- [EXERCISE DESCRIPTION]: Could each entry be returned exactly as it appears?

- [RECORD SET]:

(* Let $P$ be the set of primes and $S_P$ the group of permutations of $P$. For $\sigma\in S_P$ let $\hat\sigma$ be the unique automorphism of the multiplicative monoid $(\mathbb Q,\cdot)$ extending $\sigma$ (with $\hat\sigma(\pm1)=\pm1$, $\hat\sigma(0)=0$), and let $\mathbb Q_\sigma=(\mathbb Q,\cdot,+_\sigma)$ where $a+_\sigma b=\hat\sigma^{-1}(\hat\sigma(a)+\hat\sigma(b))$. Let $V_1=\bigoplus_{\sigma\in S_P}\mathbb Q_\sigma$ and $V_2=\bigoplus_{\sigma\in S_P\setminus\{\mathrm{id}\}}\mathbb Q_\sigma$, each a near vector space over $F=\mathbb Q$ (with $q\in\mathbb Q$ acting on the summand $\mathbb Q_\sigma$ by multiplication by $q$, and addition on each summand being $+_\sigma$). Then $BT(V_1)\neq BT(V_2)$ but $\bar F\cap\mathrm{Aut}(V_1)=\bar F\cap\mathrm{Aut}(V_2)$.
   Context: A near vector space over $F$: $(V,+)$ a group, $F$ a set of endomorphisms containing $0,1,-1$, with $F\setminus\{0\}$ a subgroup of $\mathrm{Aut}(V,+)$, acting fixed point freely ($\alpha x=\beta x\Rightarrow\alpha=\beta$ or $x=0$), such that the quasi-kernel $Q(V)=\{u: \forall\alpha,\beta\in F\,\exists\gamma\in F\ \alpha u+\beta u=\gamma u\}$ generates $V$. For commutative $F$, $V$ decomposes as a direct sum of blocks (maximal regular near vector subspaces, each nonzero element of $Q(V)$ lying in exactly one), block $B_i$ being a vector space over a field $(F,+_{u_i},\circ)$ where $\alpha+_{u}\beta$ is the unique $\gamma$ with $\alpha u+\beta u=\gamma u$ for nonzero $u\in Q(V)\cap B_i$. The block type $BT(V)$ is the set of operations $\{+_{u_i}\}$ (equality as sets of operations). $\bar F$ is the set of formal finite sums $\alpha_1+_\cdot\cdots+_\cdot\alpha_n$ of elements of $F$, acting on $V$ by $v\mapsto\alpha_1(v)+\cdots+\alpha_n(v)$; $\bar F\cap\mathrm{Aut}(V)$ is the set of formal sums acting as automorphisms of $(V,+)$. *)

From HB Require Import structures.
From mathcomp Require Import all_boot all_order all_algebra.
From Stdlib Require List.
Set Implicit Arguments. Unset Strict Implicit. Unset Printing Implicit Defensive.
Import Order.TTheory GRing.Theory Num.Theory.
Local Open Scope ring_scope.

Definition Pr : Type := {p : nat | prime p}.

Record SP : Type := MkSP {
  sp_fun : Pr -> Pr;
  sp_inv : Pr -> Pr;
  sp_funK : cancel sp_fun sp_inv;
  sp_invK : cancel sp_inv sp_fun }.

Definition sp_id : SP := @MkSP id id (fun _ => erefl) (fun _ => erefl).
Definition sp_inverse (s : SP) : SP :=
  @MkSP (sp_inv s) (sp_fun s) (sp_invK s) (sp_funK s).

Definition sigma_nat (s : SP) (p : nat) : nat :=
  match @insub nat (fun n => prime n) Pr p with
  | Some q => val (sp_fun s q)
  | None => p
  end.

Definition hatn (s : SP) (n : nat) : nat :=
  (\prod_(p <- primes n) (sigma_nat s p) ^ (logn p n))%N.

Definition hatq (s : SP) (q : rat) : rat :=
  if q == 0 then 0
  else (if q < 0 then -1 else 1) *
       ((hatn s (absz (numq q)))%:R / (hatn s (absz (denq q)))%:R).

- [SOLUTION]:
(* Let $P$ be the set of primes and $S_P$ the group of permutations of $P$. For $\sigma\in S_P$ let $\hat\sigma$ be the unique automorphism of the multiplicative monoid $(\mathbb Q,\cdot)$ extending $\sigma$ (with $\hat\sigma(\pm1)=\pm1$, $\hat\sigma(0)=0$), and let $\mathbb Q_\sigma=(\mathbb Q,\cdot,+_\sigma)$ where $a+_\sigma b=\hat\sigma^{-1}(\hat\sigma(a)+\hat\sigma(b))$. Let $V_1=\bigoplus_{\sigma\in S_P}\mathbb Q_\sigma$ and $V_2=\bigoplus_{\sigma\in S_P\setminus\{\mathrm{id}\}}\mathbb Q_\sigma$, each a near vector space over $F=\mathbb Q$ (with $q\in\mathbb Q$ acting on the summand $\mathbb Q_\sigma$ by multiplication by $q$, and addition on each summand being $+_\sigma$). Then $BT(V_1)\neq BT(V_2)$ but $\bar F\cap\mathrm{Aut}(V_1)=\bar F\cap\mathrm{Aut}(V_2)$.
   Context: A near vector space over $F$: $(V,+)$ a group, $F$ a set of endomorphisms containing $0,1,-1$, with $F\setminus\{0\}$ a subgroup of $\mathrm{Aut}(V,+)$, acting fixed point freely ($\alpha x=\beta x\Rightarrow\alpha=\beta$ or $x=0$), such that the quasi-kernel $Q(V)=\{u: \forall\alpha,\beta\in F\,\exists\gamma\in F\ \alpha u+\beta u=\gamma u\}$ generates $V$. For commutative $F$, $V$ decomposes as a direct sum of blocks (maximal regular near vector subspaces, each nonzero element of $Q(V)$ lying in exactly one), block $B_i$ being a vector space over a field $(F,+_{u_i},\circ)$ where $\alpha+_{u}\beta$ is the unique $\gamma$ with $\alpha u+\beta u=\gamma u$ for nonzero $u\in Q(V)\cap B_i$. The block type $BT(V)$ is the set of operations $\{+_{u_i}\}$ (equality as sets of operations). $\bar F$ is the set of formal finite sums $\alpha_1+_\cdot\cdots+_\cdot\alpha_n$ of elements of $F$, acting on $V$ by $v\mapsto\alpha_1(v)+\cdots+\alpha_n(v)$; $\bar F\cap\mathrm{Aut}(V)$ is the set of formal sums acting as automorphisms of $(V,+)$. *)

From HB Require Import structures.
From mathcomp Require Import all_boot all_order all_algebra.
From Stdlib Require List.
Set Implicit Arguments. Unset Strict Implicit. Unset Printing Implicit Defensive.
Import Order.TTheory GRing.Theory Num.Theory.
Local Open Scope ring_scope.

Definition Pr : Type := {p : nat | prime p}.

Record SP : Type := MkSP {
  sp_fun : Pr -> Pr;
  sp_inv : Pr -> Pr;
  sp_funK : cancel sp_fun sp_inv;
  sp_invK : cancel sp_inv sp_fun }.

Definition sp_id : SP := @MkSP id id (fun _ => erefl) (fun _ => erefl).
Definition sp_inverse (s : SP) : SP :=
  @MkSP (sp_inv s) (sp_fun s) (sp_invK s) (sp_funK s).

Definition sigma_nat (s : SP) (p : nat) : nat :=
  match @insub nat (fun n => prime n) Pr p with
  | Some q => val (sp_fun s q)
  | None => p
  end.

Definition hatn (s : SP) (n : nat) : nat :=
  (\prod_(p <- primes n) (sigma_nat s p) ^ (logn p n))%N.

Definition hatq (s : SP) (q : rat) : rat :=
  if q == 0 then 0
  else (if q < 0 then -1 else 1) *
       ((hatn s (absz (numq q)))%:R / (hatn s (absz (denq q)))%:R).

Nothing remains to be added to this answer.